● Task goal: Copy exactly, and only, the lines that start at the line containing "rewrite !Hc, !Hs" and end at the last line of the material below.
-=-=-=-=-
(* Let $p_1,p_2,p_3\in\mathbb C$ be non-collinear with $|p_1-p_3|=1$, $|p_2-p_1|\le1$, $|p_2-p_3|\le1$, and let $\delta>0$ be twice the area of the triangle with vertices $p_1,p_2,p_3$. Write $p_j=re^{i\theta_j}$ with a common $r>0$ (the circumradius, after translating the circumcenter to $0$). For $\theta\in\mathbb R$ let $c_j(\theta)=r\cos(\theta_j-\theta)$. On any open interval of $\theta$ on which the labeling satisfies $c_1(\theta)\le c_2(\theta)\le c_3(\theta)$ (after a fixed permutation of indices), the function $t(\theta)=\frac{c_2(\theta)-c_1(\theta)}{c_3(\theta)-c_1(\theta)}$ is differentiable and satisfies $$\delta\le\Big|\frac{dt}{d\theta}\Big|\le\delta^{-1}.$$ *)

From Stdlib Require Import Reals.
Open Scope R_scope.

Inductive idx : Set := I1 | I2 | I3.

Definition pdist (x y : idx -> R) (i j : idx) : R :=
  sqrt ((x i - x j)^2 + (y i - y j)^2).

(* Signed cross product (p2 - p1) x (p3 - p1): twice the signed area. *)
Definition cross (x y : idx -> R) : R :=
  (x I2 - x I1) * (y I3 - y I1) - (x I3 - x I1) * (y I2 - y I1).

Definition delta (x y : idx -> R) : R := Rabs (cross x y).

Definition cfun (r : R) (th : idx -> R) (j : idx) (t : R) : R :=
  r * cos (th j - t).

Definition tfun (r : R) (th : idx -> R) (i j k : idx) (t : R) : R :=
  (cfun r th j t - cfun r th i t) / (cfun r th k t - cfun r th i t).

From Stdlib Require Import Reals Lra Psatz.
Open Scope R_scope.

(* Fix θ and read the vertices in the orthonormal frame
   e = (cos θ, sin θ), e⊥ = (-sin θ, cos θ) centred at the circumcentre (a,b):
   c_m(θ) is the e-coordinate of p_m and its derivative r sin(θ_m - θ) is the
   e⊥-coordinate.  With A = p_j - p_i = (u,v) and B = p_k - p_i = (d,w) in this
   frame, the quotient rule gives t'(θ) = (v d - w u) / d², and since rotations
   preserve cross products, v d - w u = ∓δ.  The ordering c_i ≤ c_j ≤ c_k says
   0 ≤ u ≤ d, and all side lengths are at most 1, so writing
   v d - w u = (d - u) v - u (w - v) gives δ ≤ d; moreover d ≤ |B| ≤ 1.
   Hence |t'| = δ / d² with δ ≤ d ≤ 1, which lies in [δ, 1/δ]. *)

Lemma derivable_cfun (r : R) (th : idx -> R) (m : idx) (t : R) :
  derivable_pt_lim (cfun r th m) t (r * sin (th m - t)).
Proof.
  assert (Hlin : derivable_pt_lim (fun u => th m - u) t (0 - 1)).
  { apply (derivable_pt_lim_minus (fct_cte (th m)) id).
    - apply derivable_pt_lim_const.
    - apply derivable_pt_lim_id. }
  pose proof (derivable_pt_lim_comp _ cos _ _ _ Hlin
                (derivable_pt_lim_cos (th m - t))) as Hcos.
  replace (r * sin (th m - t)) with (r * (- sin (th m - t) * (0 - 1))) by ring.
  exact (derivable_pt_lim_scal _ r _ _ Hcos).
Qed.

Lemma derivable_tfun (r : R) (th : idx -> R) (i j k : idx) (t : R) :
  cfun r th k t - cfun r th i t <> 0 ->
  derivable_pt_lim (tfun r th i j k) t
    (((r * sin (th j - t) - r * sin (th i - t)) * (cfun r th k t - cfun r th i t)
      - (r * sin (th k - t) - r * sin (th i - t)) * (cfun r th j t - cfun r th i t))
     / (cfun r th k t - cfun r th i t) ^ 2).
Proof.
  intros Hne.
  pose proof (derivable_pt_lim_div _ _ t _ _
    (derivable_pt_lim_minus _ _ _ _ _ (derivable_cfun r th j t) (derivable_cfun r th i t))
    (derivable_pt_lim_minus _ _ _ _ _ (derivable_cfun r th k t) (derivable_cfun r th i t))
    Hne) as Hdiv.
  rewrite <- Rsqr_pow2; exact Hdiv.
Qed.

Definition sqdist (x y : idx -> R) (i j : idx) : R := (x i - x j)^2 + (y i - y j)^2.

Definition crossg (x y : idx -> R) (i j k : idx) : R :=
  (x j - x i) * (y k - y i) - (x k - x i) * (y j - y i).

Lemma crossg_delta (x y : idx -> R) (i j k : idx) :
  i <> j -> j <> k -> i <> k -> Rabs (crossg x y i j k) = delta x y.
Proof.
  intros; unfold delta, cross, crossg.
  destruct i, j, k; try congruence;
    first [f_equal; ring | rewrite <- Rabs_Ropp; f_equal; ring].
Qed.

Section RotatedFrame.
Variables (x y : idx -> R) (a b t : R).

Definition along (m : idx) : R := (x m - a) * cos t + (y m - b) * sin t.
Definition across (m : idx) : R := (y m - b) * cos t - (x m - a) * sin t.

Lemma rotated_sqdist (m n : idx) :
  (along m - along n)^2 + (across m - across n)^2 = sqdist x y m n.
Proof.
  transitivity (sqdist x y m n * ((sin t)² + (cos t)²)).
  - unfold along, across, sqdist, Rsqr; ring.
  - rewrite sin2_cos2; ring.
Qed.

Lemma rotated_cross (i j k : idx) :
  (across j - across i) * (along k - along i)
  - (across k - across i) * (along j - along i) = - crossg x y i j k.
Proof.
  transitivity (- crossg x y i j k * ((sin t)² + (cos t)²)).
  - unfold along, across, crossg, Rsqr; ring.
  - rewrite sin2_cos2; ring.
Qed.

End RotatedFrame.

Lemma cfun_on_circle (x y th : idx -> R) (a b r t : R) (m : idx) :
  x m = a + r * cos (th m) -> y m = b + r * sin (th m) ->
  cfun r th m t = along x y a b t m /\ r * sin (th m - t) = across x y a b t m.
Proof.
  intros Hx Hy; unfold cfun, along, across; rewrite cos_minus, sin_minus, Hx, Hy.
  split; ring.
Qed.

(* Planar estimate: for A = (u,v) and B = (d,w) with |A| ≤ 1, |B - A| ≤ 1 and
   0 ≤ u ≤ d, the cross product is at most d, since v d - w u = (d-u) v - u (w-v). *)
Lemma cross_le_base (u v d w : R) :
  0 <= u <= d -> u^2 + v^2 <= 1 -> (d - u)^2 + (w - v)^2 <= 1 ->
  Rabs (v * d - w * u) <= d.
Proof.
  intros Hud HA HBA.
  assert (Hv : Rabs v <= 1) by (apply Rabs_le; nra).
  assert (Hwv : Rabs (w - v) <= 1) by (apply Rabs_le; nra).
  replace (v * d - w * u) with ((d - u) * v + u * - (w - v)) by ring.
  eapply Rle_trans; [apply Rabs_triang|].
  rewrite !Rabs_mult, Rabs_Ropp, (Rabs_pos_eq (d - u)), (Rabs_pos_eq u) by lra.
  nra.
Qed.

Lemma ratio_bounds (dl d : R) : 0 < dl <= d -> d <= 1 -> dl <= dl / d^2 <= / dl.
Proof.
  intros Hdl Hd1.
  assert (Hd2 : 0 < d^2) by nra.
  assert (Hd21 : d^2 <= 1) by nra.
  split.
  - apply (Rmult_le_reg_r (d^2)); [exact Hd2|].
    replace (dl / d^2 * d^2) with dl by (field; lra).
    nra.
  - apply (Rmult_le_reg_r (dl * d^2)); [nra|].
    replace (dl / d^2 * (dl * d^2)) with (dl * dl) by (field; lra).
    replace (/ dl * (dl * d^2)) with (d^2) by (field; lra).
    nra.
Qed.

Lemma sqdist_le_1 (x y : idx -> R) :
  pdist x y I1 I3 = 1 -> pdist x y I2 I1 <= 1 -> pdist x y I2 I3 <= 1 ->
  forall i j, sqdist x y i j <= 1.
Proof.
  assert (Hsq : forall i j, pdist x y i j <= 1 -> sqdist x y i j <= 1).
  { intros i j H; apply sqrt_le_0; [unfold sqdist; apply Rplus_le_le_0_compat; apply pow2_ge_0 | lra |].
    rewrite sqrt_1; exact H. }
  assert (Hsym : forall i j, sqdist x y i j = sqdist x y j i)
    by (intros; unfold sqdist; ring).
  intros H13 H21 H23 i j.
  apply Req_le, Hsq in H13; apply Hsq in H21; apply Hsq in H23.
  destruct i, j;
    first [ assumption | rewrite Hsym; assumption
          | unfold sqdist; ring_simplify; lra ].
Qed.

Lemma delta_le_base_le_1 (x y : idx -> R) (a b t : R) (i j k : idx) :
  i <> j -> j <> k -> i <> k ->
  (forall m n, sqdist x y m n <= 1) ->
  along x y a b t i <= along x y a b t j <= along x y a b t k ->
  delta x y <= along x y a b t k - along x y a b t i <= 1.
Proof.
  intros Hij Hjk Hik Hq Hord.
  pose proof (rotated_sqdist x y a b t j i) as Hji.
  pose proof (rotated_sqdist x y a b t k i) as Hki.
  pose proof (rotated_sqdist x y a b t k j) as Hkj.
  pose proof (rotated_cross x y a b t i j k) as Hnum.
  assert (Hud : 0 <= along x y a b t j - along x y a b t i
                  <= along x y a b t k - along x y a b t i) by lra.
  set (u := along x y a b t j - along x y a b t i) in *.
  set (v := across x y a b t j - across x y a b t i) in *.
  set (d := along x y a b t k - along x y a b t i) in *.
  set (w := across x y a b t k - across x y a b t i) in *.
  split.
  - rewrite <- (crossg_delta x y i j k Hij Hjk Hik), <- Rabs_Ropp, <- Hnum.
    apply cross_le_base; [exact Hud | rewrite Hji; apply Hq |].
    replace ((d - u)^2 + (w - v)^2) with (sqdist x y k j)
      by (rewrite <- Hkj; unfold d, u, w, v; ring).
    apply Hq.
  - specialize (Hq k i); nra.
Qed.

Theorem mainTheorem14 (x y th : idx -> R) (a b r : R) :
  0 < r ->
  (forall j, x j = a + r * cos (th j) /\ y j = b + r * sin (th j)) ->
  cross x y <> 0 ->
  pdist x y I1 I3 = 1 ->
  pdist x y I2 I1 <= 1 ->
  pdist x y I2 I3 <= 1 ->
  forall i j k : idx, i <> j -> j <> k -> i <> k ->
  forall lo hi : R, lo < hi ->
  (forall t, lo < t < hi ->
     cfun r th i t <= cfun r th j t <= cfun r th k t) ->
  forall t, lo < t < hi ->
    exists l, derivable_pt_lim (tfun r th i j k) t l /\
      delta x y <= Rabs l <= / delta x y.
Proof.
  intros _ Hcirc Hcr H13 H21 H23 i j k Hij Hjk Hik lo hi _ Hord t Ht.
  assert (Hc : forall m, cfun r th m t = along x y a b t m)
    by (intro m; destruct (Hcirc m); apply cfun_on_circle; assumption).
  assert (Hs : forall m, r * sin (th m - t) = across x y a b t m)
    by (intro m; destruct (Hcirc m); apply cfun_on_circle; assumption).
  pose proof (derivable_tfun r th i j k t) as Hder.
  specialize (Hord t Ht).
  rewrite !Hc, !Hs in Hder; rewrite !Hc in Hord.
  pose proof (delta_le_base_le_1 x y a b t i j k Hij Hjk Hik
                (sqdist_le_1 x y H13 H21 H23) Hord) as Hbase.
  assert (Hdelta_pos : 0 < delta x y) by (apply Rabs_pos_lt; exact Hcr).
  eexists; split; [apply Hder; lra|].
  (* The numerator of t' is ∓δ, so |t'| = δ / d². *)
  rewrite rotated_cross; unfold Rdiv.
  rewrite Rabs_mult, Rabs_Ropp, crossg_delta, Rabs_inv, Rabs_pos_eq
    by first [assumption | apply pow2_ge_0].
  apply ratio_bounds; lra.
Qed.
-=-=-=-=-
● Worked solution:
  rewrite !Hc, !Hs in Hder; rewrite !Hc in Hord.
  pose proof (delta_le_base_le_1 x y a b t i j k Hij Hjk Hik
                (sqdist_le_1 x y H13 H21 H23) Hord) as Hbase.
  assert (Hdelta_pos : 0 < delta x y) by (apply Rabs_pos_lt; exact Hcr).
  eexists; split; [apply Hder; lra|].
  (* The numerator of t' is ∓δ, so |t'| = δ / d². *)
  rewrite rotated_cross; unfold Rdiv.
  rewrite Rabs_mult, Rabs_Ropp, crossg_delta, Rabs_inv, Rabs_pos_eq
    by first [assumption | apply pow2_ge_0].
  apply ratio_bounds; lra.
Qed.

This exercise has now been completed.